### Given records

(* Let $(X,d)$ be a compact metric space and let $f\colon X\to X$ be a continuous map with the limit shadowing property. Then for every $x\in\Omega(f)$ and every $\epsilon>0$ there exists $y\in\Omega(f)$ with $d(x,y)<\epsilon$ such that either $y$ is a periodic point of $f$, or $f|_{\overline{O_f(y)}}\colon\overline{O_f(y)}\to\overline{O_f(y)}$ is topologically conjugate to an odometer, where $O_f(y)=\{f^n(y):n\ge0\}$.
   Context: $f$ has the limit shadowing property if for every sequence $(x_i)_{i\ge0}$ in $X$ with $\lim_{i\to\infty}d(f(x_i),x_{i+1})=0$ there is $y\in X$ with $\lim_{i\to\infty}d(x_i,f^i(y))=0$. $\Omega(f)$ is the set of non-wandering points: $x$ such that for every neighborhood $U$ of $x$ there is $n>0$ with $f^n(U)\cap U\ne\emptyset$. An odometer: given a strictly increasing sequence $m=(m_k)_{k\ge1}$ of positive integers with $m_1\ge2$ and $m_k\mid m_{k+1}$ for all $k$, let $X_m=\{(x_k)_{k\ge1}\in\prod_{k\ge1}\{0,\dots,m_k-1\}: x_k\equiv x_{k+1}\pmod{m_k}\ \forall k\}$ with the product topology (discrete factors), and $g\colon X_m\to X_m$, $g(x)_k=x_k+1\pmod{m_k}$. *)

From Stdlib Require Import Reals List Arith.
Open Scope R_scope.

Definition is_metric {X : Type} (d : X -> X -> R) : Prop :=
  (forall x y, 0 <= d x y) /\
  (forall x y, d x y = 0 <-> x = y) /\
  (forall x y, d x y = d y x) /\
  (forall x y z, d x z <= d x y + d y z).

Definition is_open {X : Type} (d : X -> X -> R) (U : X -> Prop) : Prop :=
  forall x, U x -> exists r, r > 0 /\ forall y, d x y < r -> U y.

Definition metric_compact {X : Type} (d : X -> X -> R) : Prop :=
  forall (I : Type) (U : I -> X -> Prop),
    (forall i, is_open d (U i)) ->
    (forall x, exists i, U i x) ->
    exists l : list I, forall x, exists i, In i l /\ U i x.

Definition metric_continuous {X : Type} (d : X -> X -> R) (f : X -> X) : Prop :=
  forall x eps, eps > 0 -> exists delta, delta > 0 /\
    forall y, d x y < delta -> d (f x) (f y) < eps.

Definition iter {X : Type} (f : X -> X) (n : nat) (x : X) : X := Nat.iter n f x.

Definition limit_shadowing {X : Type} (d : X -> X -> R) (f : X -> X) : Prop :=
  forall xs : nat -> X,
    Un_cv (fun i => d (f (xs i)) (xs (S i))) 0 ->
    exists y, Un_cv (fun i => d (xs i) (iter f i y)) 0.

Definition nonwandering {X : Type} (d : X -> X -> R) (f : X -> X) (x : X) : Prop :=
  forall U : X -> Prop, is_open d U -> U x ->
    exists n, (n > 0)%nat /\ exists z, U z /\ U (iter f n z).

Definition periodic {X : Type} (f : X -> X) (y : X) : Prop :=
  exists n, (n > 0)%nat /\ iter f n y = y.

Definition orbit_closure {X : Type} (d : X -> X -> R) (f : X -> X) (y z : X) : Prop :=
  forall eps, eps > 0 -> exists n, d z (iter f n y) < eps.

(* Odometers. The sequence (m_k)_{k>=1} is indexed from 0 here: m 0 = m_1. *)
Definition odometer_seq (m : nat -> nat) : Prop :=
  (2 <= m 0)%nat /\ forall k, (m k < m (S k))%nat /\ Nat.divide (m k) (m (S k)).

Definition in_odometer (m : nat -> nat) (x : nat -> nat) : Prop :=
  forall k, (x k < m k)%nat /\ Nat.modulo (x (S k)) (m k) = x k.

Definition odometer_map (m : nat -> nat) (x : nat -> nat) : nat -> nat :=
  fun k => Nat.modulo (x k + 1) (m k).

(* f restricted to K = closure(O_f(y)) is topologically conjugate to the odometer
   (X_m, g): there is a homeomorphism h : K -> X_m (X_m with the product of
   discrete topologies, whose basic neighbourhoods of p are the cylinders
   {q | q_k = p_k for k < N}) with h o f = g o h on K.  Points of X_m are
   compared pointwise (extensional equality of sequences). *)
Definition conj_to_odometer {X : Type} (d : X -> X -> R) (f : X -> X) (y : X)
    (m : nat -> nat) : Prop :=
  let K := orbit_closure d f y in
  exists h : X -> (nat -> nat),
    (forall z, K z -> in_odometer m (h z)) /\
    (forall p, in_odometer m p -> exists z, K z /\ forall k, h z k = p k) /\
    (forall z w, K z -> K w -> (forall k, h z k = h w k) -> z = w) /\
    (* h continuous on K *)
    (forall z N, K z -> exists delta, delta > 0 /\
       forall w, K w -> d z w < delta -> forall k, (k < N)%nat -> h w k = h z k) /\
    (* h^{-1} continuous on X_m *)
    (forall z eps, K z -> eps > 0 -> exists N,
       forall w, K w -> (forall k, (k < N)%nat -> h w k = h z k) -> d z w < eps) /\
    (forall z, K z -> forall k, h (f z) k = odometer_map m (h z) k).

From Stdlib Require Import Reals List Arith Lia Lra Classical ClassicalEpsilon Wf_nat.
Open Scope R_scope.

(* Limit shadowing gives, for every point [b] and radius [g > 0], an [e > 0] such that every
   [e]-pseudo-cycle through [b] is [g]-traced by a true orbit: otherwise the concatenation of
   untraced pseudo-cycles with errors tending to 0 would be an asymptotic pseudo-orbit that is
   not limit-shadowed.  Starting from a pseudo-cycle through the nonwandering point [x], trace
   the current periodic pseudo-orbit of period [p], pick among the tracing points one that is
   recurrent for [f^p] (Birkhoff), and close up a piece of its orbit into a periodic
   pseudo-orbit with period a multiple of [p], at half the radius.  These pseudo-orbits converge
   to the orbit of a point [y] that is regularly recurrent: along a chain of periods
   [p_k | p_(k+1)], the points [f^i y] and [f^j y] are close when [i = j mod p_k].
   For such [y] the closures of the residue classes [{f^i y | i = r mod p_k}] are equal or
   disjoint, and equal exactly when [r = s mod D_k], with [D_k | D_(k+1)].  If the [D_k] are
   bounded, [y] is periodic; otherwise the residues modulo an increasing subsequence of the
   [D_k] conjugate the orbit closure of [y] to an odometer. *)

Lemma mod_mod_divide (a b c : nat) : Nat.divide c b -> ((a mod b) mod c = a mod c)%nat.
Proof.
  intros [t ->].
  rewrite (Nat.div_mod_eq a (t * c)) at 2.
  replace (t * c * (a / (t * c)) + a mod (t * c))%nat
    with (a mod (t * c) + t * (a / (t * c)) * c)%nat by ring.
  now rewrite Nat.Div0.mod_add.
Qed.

######
### Given records

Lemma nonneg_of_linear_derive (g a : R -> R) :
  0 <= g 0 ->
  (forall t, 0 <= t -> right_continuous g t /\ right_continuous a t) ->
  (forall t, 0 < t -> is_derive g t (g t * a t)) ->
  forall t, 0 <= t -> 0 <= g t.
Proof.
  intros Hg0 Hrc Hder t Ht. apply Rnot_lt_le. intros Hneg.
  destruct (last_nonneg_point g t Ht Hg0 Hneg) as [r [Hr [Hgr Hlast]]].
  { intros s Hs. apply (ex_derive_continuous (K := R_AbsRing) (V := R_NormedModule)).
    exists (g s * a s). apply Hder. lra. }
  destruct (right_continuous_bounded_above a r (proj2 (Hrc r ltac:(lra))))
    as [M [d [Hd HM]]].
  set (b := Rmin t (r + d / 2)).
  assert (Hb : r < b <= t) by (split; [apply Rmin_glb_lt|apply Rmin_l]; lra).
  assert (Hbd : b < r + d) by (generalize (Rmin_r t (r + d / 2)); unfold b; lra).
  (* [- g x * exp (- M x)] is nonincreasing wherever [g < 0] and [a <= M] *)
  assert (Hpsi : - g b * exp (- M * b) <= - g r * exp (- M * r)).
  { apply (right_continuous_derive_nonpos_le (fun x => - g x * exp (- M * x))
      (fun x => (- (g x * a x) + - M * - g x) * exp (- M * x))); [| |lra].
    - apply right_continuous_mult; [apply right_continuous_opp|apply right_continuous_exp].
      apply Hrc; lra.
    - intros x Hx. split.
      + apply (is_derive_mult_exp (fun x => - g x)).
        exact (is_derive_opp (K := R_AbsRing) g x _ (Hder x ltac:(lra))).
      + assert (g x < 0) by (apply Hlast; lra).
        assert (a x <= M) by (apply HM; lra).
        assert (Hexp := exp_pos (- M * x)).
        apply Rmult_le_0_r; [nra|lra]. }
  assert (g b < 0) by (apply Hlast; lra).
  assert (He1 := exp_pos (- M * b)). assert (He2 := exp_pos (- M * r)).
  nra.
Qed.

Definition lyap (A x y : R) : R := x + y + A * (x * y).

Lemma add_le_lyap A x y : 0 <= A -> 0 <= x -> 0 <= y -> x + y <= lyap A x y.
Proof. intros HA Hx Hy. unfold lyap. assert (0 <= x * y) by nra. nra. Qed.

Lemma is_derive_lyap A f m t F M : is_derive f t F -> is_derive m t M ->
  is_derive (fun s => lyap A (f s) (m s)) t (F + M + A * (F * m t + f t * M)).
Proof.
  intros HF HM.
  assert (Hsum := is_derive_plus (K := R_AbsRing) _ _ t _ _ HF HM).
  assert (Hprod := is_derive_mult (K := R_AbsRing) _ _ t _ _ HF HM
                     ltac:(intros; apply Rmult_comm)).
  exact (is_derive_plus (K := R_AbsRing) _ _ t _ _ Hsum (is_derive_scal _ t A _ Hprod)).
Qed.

######

» **Assigned task**
What the answer needs is every line from the data above with "modulo" in it.

» **Answer to the problem**
  forall k, (x k < m k)%nat /\ Nat.modulo (x (S k)) (m k) = x k.
  fun k => Nat.modulo (x k + 1) (m k).
   bounded, [y] is periodic; otherwise the residues modulo an increasing subsequence of the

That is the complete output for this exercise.